Reading was my passion when I was eleven years old.
“You go through books like a knife through butter,” said my primary school teacher.
I remember there being a temptation to say that butter kept in the refrigerator might go very hard and the progress of the knife might be very slow, but it was a time when one did not question schoolteachers (and certainly did not try to appear smart in the hearing of one’s peers).
Perhaps the syllabus had been completed. (Was there even a syllabus to complete in those decades before the National Curriculum?).
The final weeks in primary school were spent reading book after book after book. Initially, there would have been questions from the teacher about the plot and the characters and what was liked and disliked, but eventually he gave up on even the most peremptory questions. It was a simple matter to ask permission to exchange the book finished for another from the shelf near his desk, thus his comment on the speed of their completion.
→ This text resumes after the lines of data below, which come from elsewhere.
Lemma graft_children w sigma (l0 : list U) : Sv w ->
  (forall y, sigma y -> y <> w -> exists C, rooted_ptree (star y) C /\ F (node_star C 0)) ->
  exists T, rooted_ptree w T /\
    forall u, node_star T 0 u <-> u = w \/ [/\ List.In u l0, sigma u & u <> w].
Proof.
move=> Sw children; elim: l0 => [|y l0 [T [[T_gt0 T_w parT labT T_F] T_root]]].
  exists (PTree 1 (fun _ => 0) (fun _ => w)); split.
    by split=> // t /=; lia.
  move=> u; rewrite /node_star /child_star /=.
  by split=> [[->|[j [/andP [j0 j1] _ _]]]|[->|[]]]; [left | lia | left |].
case: (classic (sigma y /\ y <> w)) => [[sy yw]|not_child]; last first.
  exists T; split=> // u; rewrite T_root /=.
  split=> [[->|[ul0 su uw]]|[->|[[eyu|ul0] su uw]]]; [by left | by right; split=> //; right |
    by left | by case: not_child; rewrite eyu | by right].
have [C [[C_gt0 C_sy parC labC C_F] C_root]] := children y sy yw.
exists (attach T C); split; last first.
  move=> u; rewrite node_star_attach_lo // T_root C_sy star_invol /=.
  split=> [[[->|[ul0 su uw]]|[_ ->]]|[->|[[<-|ul0] su uw]]].
  - by left.
  - by right; split=> //; right.
  - by right; split=> //; left.
  - by left; left.
  - by right.
  - by left; right.
split=> //=; [by rewrite addn_gt0 T_gt0 | by rewrite T_gt0 | exact: attach_parents_ok |
  exact: attach_labels_ok | ].
apply: attach_node_star_F => // t; case: (posnP t) => [->|t_gt0] // tC.
by apply: C_F; rewrite t_gt0.
Qed.

Lemma rooted_ptree_of_rooted (l : list U) w : (forall x, Sv x -> List.In x l) ->
  rooted star F w -> exists T, rooted_ptree w T /\ F (node_star T 0).
Proof.
move=> Sv_fin; elim=> {w} sigma w Fs sw _ IH.
have [T [T_w T_root]] := graft_children l (F_sub_Sv Fs sw) IH.
exists T; split=> //; rewrite (_ : node_star T 0 = sigma) //; apply: pred_eq => u.
rewrite T_root; split=> [[->|[]]//|su].
by case: (classic (u = w)) => [->|uw]; [left | right; split=> //; apply/Sv_fin/(F_sub_Sv Fs su)].
Qed.

Lemma rooted_pair_S_tree (l : list U) w : (forall x, Sv x -> List.In x l) ->
  rooted star F w -> rooted star F (star w) -> exists_S_tree_over star Sv F.
Proof.
move=> Sv_fin rw rsw.
have [A [[A_gt0 A_w parA labA A_F] A_root]] := rooted_ptree_of_rooted Sv_fin rw.
have [C [[C_gt0 C_sw parC labC C_F] C_root]] := rooted_ptree_of_rooted Sv_fin rsw.
apply: (@ptree_S_tree (attach A C)) => /=; [lia | exact: attach_parents_ok |
  exact: attach_labels_ok | move=> t tAC].
case: (posnP t) => [->|t_gt0].
  rewrite (_ : edge_star _ 0 = node_star A 0) //; apply: pred_eq => u.
  rewrite /edge_star /node_star child_star_attach_lo // C_sw star_invol A_w.
  by split=> [[[]|[|[_ ->]]]|[->|]]; auto.
rewrite edge_star_pos //; apply: attach_node_star_F; rewrite ?t_gt0 //.
by move=> d; case: (posnP d) => [->|d_gt0] // dC; apply: C_F; rewrite d_gt0.
Qed.
End PTrees.

Lemma S_tree_no_tangle (U : Type) (le : U -> U -> Prop) (star : U -> U) (Sv : U -> Prop)
  (F : (U -> Prop) -> Prop) (O : U -> Prop) :
  exists_S_tree_over star Sv F -> ~ tangle le star Sv F O.
Proof.
move=> [V [e [alpha [e_tree [[t0 _] [e_alpha e_F]]]]]] [[_ O_orient] [_ O_avoid]].
case: (classic (exists t, forall y, e y t -> O (alpha y t))) => [[t t_O]|no_node].
  apply: O_avoid; exists (fun u => exists y, e y t /\ u = alpha y t).
  by split=> // u [y [eyt ->]]; exact: t_O.
have out t : exists y, e y t /\ ~ O (alpha y t).
  apply: NNPP => none; apply: no_node; exists t => y eyt.
  by apply: NNPP => nO; apply: none; exists y.
pose s t := proj1_sig (constructive_indefinite_description _ (out t)).
have s_spec t : e (s t) t /\ ~ O (alpha (s t) t).
  by rewrite /s; case: constructive_indefinite_description.
have [u ssu] := tree_walk_backtracks t0 e_tree (fun t => proj1 (s_spec t)).
have [e_su nO_su] := s_spec u; have [_ nO_ssu] := s_spec (s u); rewrite ssu in nO_ssu.
have [S_su alpha_sym] := e_alpha _ _ e_su.
by case: (proj1 (O_orient _ S_su)) => //; rewrite -alpha_sym.
Qed.

Theorem theorem4p4 (U : Type) (le : U -> U -> Prop) (star : U -> U)
  (join meet : U -> U -> U) (Sv : U -> Prop) (F : (U -> Prop) -> Prop) :
  is_universe le star join meet ->
  is_subsystem star Sv ->
  finite_sys Sv ->
  (forall sigma, F sigma -> is_star le star sigma /\ (forall x, sigma x -> Sv x)) ->
  standard le star Sv F ->
  F_separable le star join Sv F ->
  (exists_S_tree_over star Sv F \/ (exists O, tangle le star Sv F O)) /\
  ~ (exists_S_tree_over star Sv F /\ (exists O, tangle le star Sv F O)).
Proof.
move=> univ Sv_star [l Sv_fin] F_stars F_std F_sep.
split; last by case=> tree [O tO]; exact: S_tree_no_tangle tree tO.
case: (rooted_pair_or_tangle univ Sv_star Sv_fin F_stars F_std F_sep) => [[w [rw rsw]]|];
  last by right.
left; apply: (rooted_pair_S_tree (starK univ) Sv_star _ Sv_fin rw rsw).
by move=> sigma x Fs; apply: (proj2 (F_stars _ Fs)).
Qed.
(* For every $n\ge 2$, the diameter of the origami flip graph ${\rm OFG}(M_{2,n})$ is $\lceil n^2/2\rceil$.
   Context: The $2\times n$ Miura-ori $M_{2,n}$ has faces $\alpha_{i,j}$ ($i\in\{1,2\}$, $j\in\{1,\dots,n\}$), interior vertices $x_1,\dots,x_{n-1}$, and creases $e_0$ and $e_{3k-1},e_{3k},e_{3k+1}$ ($k=1,\dots,n-1$). At $x_k$ the creases are left $e_{3k-3}$, top $e_{3k-1}$, right $e_{3k}$, bottom $e_{3k+1}$ (angles adjacent to the left crease obtuse, others acute). Face $\alpha_{1,j}$ is bordered by those of $e_{3j-4}$ (iff $j\ge2$), $e_{3j-3}$, $e_{3j-1}$ (iff $j\le n-1$); $\alpha_{2,j}$ by those of $e_{3j-2}$ (iff $j\ge2$), $e_{3j-3}$, $e_{3j+1}$ (iff $j\le n-1$). An MV assignment $\mu$ maps creases to $\{1,-1\}$; it is locally valid if for each $k$ exactly one of $\mu(e_{3k-1}),\mu(e_{3k}),\mu(e_{3k+1})$ differs from $\mu(e_{3k-3})$. The face flip $\mu_\alpha$ negates $\mu$ on the creases bordering $\alpha$; $\alpha$ is flippable under $\mu$ if $\mu,\mu_\alpha$ are both locally valid. ${\rm OFG}(M_{2,n})$ is the graph whose vertices are the locally valid MV assignments, with $\mu\sim\mu_\alpha$ for each flippable $\alpha$. *)

From mathcomp Require Import all_boot.
Set Implicit Arguments. Unset Strict Implicit. Unset Printing Implicit Defensive.

(* Creases of M_{2,n}: e_0 and e_{3k-1}, e_{3k}, e_{3k+1} for k = 1..n-1,
   i.e. the indices m < 3n-1 with m <> 1. *)
Definition crease (n : nat) := {i : 'I_(3 * n - 1) | nat_of_ord i != 1}.

(* An MV assignment: true encodes +1 (say M), false encodes -1 (V). *)
Definition mv (n : nat) := {ffun crease n -> bool}.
He did not appreciate that our perceptions of what was taking place were very different. He seemed to imagine that reading so many books enabled learning and improvement. The eleven year old boy doing the reading saw them as a matter of entertainment and escape.
The books chosen were almost invariably adventure stories, tales of derring-do by war heroes who always returned to tell the tale. (Our art teacher, a retired man who came on Wednesday afternoons, had been in the crew of a Lancaster bomber, reassuring us that heroes returned). Or there were stories of explorers going to exotic locations to defy danger and death. (Were Willard Price’s “Adventure” novels among those on the school bookshelf, or did they have to come from the library? It’s hard now to remember).
In those years when the 1940s were still fresh in people’s memories and veterans of the Great War were still plentiful, the exploits of young men who had fought in the World Wars were recorded in many books.
The biography which left the deepest impression was short, perhaps no more than twenty or so pages with a soft cover – the tale of Jack Cornwell VC. Boy Cornwell, although seriously wounded, had remained at his gunnery post on HMS Chester at the Battle of Jutland in 1916. He was the sole survivor of the gun crew, and stood awaiting orders. Perhaps it was his age that gave the story impact – he was just sixteen years old, the age of some of the boys in the village, not so much older than those who sat in the primary school classroom.
Fifty years later and reading only for study purposes, the school teacher would probably be more inclined to criticism than commendation.